→ **EXERCISE DIRECTIONS**
Filter the entries below, keeping every line that has the word "ffun".

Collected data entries

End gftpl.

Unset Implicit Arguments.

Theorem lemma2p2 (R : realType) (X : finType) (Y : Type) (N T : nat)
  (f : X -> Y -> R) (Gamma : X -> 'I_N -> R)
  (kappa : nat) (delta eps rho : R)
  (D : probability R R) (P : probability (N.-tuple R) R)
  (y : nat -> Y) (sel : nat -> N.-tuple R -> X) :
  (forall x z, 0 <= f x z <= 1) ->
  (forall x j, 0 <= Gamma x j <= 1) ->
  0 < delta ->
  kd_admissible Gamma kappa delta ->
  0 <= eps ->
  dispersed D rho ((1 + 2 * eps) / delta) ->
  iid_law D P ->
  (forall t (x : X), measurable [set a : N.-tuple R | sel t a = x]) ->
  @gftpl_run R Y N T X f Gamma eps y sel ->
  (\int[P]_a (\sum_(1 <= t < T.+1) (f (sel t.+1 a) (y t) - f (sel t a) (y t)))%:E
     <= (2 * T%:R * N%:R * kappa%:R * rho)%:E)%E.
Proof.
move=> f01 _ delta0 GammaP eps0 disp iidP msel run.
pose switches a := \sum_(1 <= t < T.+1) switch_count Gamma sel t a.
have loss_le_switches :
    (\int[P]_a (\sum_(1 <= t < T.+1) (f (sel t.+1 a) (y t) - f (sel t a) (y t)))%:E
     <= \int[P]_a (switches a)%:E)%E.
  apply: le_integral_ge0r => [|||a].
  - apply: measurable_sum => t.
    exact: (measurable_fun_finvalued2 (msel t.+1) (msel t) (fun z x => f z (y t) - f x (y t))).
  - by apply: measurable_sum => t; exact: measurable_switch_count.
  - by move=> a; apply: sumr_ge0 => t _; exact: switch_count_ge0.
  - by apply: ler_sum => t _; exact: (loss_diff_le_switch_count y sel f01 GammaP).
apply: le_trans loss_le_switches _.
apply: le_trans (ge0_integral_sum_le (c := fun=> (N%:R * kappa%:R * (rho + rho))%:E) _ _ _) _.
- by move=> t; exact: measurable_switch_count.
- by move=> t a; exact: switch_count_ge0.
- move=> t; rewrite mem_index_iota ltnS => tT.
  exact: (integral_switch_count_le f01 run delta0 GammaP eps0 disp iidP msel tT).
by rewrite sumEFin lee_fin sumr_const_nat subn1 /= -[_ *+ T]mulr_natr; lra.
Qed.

...

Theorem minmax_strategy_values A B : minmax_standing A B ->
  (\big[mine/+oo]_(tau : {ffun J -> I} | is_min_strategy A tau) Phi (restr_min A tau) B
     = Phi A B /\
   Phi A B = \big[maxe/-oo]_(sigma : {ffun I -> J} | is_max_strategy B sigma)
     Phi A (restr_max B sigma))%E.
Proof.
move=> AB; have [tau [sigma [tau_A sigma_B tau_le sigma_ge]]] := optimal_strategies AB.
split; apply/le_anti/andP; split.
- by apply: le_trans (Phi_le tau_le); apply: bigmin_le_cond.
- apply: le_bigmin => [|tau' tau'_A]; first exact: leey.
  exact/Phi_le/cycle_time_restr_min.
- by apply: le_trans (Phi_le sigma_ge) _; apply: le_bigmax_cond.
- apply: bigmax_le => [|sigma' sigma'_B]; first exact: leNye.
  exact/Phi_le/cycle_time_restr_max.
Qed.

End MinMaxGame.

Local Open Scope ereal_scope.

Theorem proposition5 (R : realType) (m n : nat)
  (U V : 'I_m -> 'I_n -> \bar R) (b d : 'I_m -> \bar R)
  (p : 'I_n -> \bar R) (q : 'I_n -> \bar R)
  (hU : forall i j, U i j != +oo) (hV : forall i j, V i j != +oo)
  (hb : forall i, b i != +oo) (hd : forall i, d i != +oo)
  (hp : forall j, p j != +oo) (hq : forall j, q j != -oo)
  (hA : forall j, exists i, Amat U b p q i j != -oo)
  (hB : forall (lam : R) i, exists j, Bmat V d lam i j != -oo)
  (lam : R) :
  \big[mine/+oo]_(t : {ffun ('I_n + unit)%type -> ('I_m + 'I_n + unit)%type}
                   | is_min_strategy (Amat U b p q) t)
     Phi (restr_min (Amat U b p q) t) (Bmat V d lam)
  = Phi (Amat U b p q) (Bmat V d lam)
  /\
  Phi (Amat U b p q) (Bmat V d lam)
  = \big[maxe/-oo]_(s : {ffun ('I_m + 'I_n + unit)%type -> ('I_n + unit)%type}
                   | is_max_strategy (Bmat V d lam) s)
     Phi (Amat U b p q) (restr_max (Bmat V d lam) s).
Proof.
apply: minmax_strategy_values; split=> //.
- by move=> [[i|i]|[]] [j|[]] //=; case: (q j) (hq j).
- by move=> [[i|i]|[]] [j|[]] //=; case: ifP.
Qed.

--

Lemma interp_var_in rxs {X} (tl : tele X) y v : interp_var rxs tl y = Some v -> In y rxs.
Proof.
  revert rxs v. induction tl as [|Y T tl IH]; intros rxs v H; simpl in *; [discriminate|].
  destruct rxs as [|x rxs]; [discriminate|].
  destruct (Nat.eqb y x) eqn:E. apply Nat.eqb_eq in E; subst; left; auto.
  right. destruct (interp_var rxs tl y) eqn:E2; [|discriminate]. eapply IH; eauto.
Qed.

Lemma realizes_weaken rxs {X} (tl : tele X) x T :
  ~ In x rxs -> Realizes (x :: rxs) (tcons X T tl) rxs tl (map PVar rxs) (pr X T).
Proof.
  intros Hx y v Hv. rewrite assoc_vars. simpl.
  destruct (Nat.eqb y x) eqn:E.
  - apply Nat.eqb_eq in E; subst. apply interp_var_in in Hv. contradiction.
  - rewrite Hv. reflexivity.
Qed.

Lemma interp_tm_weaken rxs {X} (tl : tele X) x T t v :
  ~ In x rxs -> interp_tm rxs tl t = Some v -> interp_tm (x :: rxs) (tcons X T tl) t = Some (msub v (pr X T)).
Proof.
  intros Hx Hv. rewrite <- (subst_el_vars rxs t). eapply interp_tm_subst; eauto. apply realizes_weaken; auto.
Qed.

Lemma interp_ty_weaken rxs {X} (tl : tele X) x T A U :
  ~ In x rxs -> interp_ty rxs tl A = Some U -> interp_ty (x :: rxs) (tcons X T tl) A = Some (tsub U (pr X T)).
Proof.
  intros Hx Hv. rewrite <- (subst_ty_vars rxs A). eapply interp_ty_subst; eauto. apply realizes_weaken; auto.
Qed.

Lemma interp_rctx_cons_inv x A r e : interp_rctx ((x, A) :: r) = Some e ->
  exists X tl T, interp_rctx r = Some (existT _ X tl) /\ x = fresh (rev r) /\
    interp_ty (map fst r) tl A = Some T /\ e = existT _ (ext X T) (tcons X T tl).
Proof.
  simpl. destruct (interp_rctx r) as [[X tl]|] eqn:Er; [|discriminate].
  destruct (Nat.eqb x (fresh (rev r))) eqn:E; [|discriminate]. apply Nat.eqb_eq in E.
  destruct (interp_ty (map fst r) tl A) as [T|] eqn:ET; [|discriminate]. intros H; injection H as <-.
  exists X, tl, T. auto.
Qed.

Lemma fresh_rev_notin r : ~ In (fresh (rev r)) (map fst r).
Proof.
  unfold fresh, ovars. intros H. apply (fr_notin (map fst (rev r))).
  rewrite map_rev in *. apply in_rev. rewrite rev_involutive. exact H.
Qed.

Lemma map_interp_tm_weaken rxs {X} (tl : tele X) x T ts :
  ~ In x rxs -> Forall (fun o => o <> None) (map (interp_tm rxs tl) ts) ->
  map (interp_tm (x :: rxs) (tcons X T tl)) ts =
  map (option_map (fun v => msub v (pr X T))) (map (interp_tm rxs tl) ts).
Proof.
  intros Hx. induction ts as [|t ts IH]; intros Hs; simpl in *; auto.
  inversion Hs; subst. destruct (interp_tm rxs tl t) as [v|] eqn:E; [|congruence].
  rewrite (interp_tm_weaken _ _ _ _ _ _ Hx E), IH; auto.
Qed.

→ **WRITTEN RESPONSE**
  (\big[mine/+oo]_(tau : {ffun J -> I} | is_min_strategy A tau) Phi (restr_min A tau) B
   Phi A B = \big[maxe/-oo]_(sigma : {ffun I -> J} | is_max_strategy B sigma)
  \big[mine/+oo]_(t : {ffun ('I_n + unit)%type -> ('I_m + 'I_n + unit)%type}
  = \big[maxe/-oo]_(s : {ffun ('I_m + 'I_n + unit)%type -> ('I_n + unit)%type}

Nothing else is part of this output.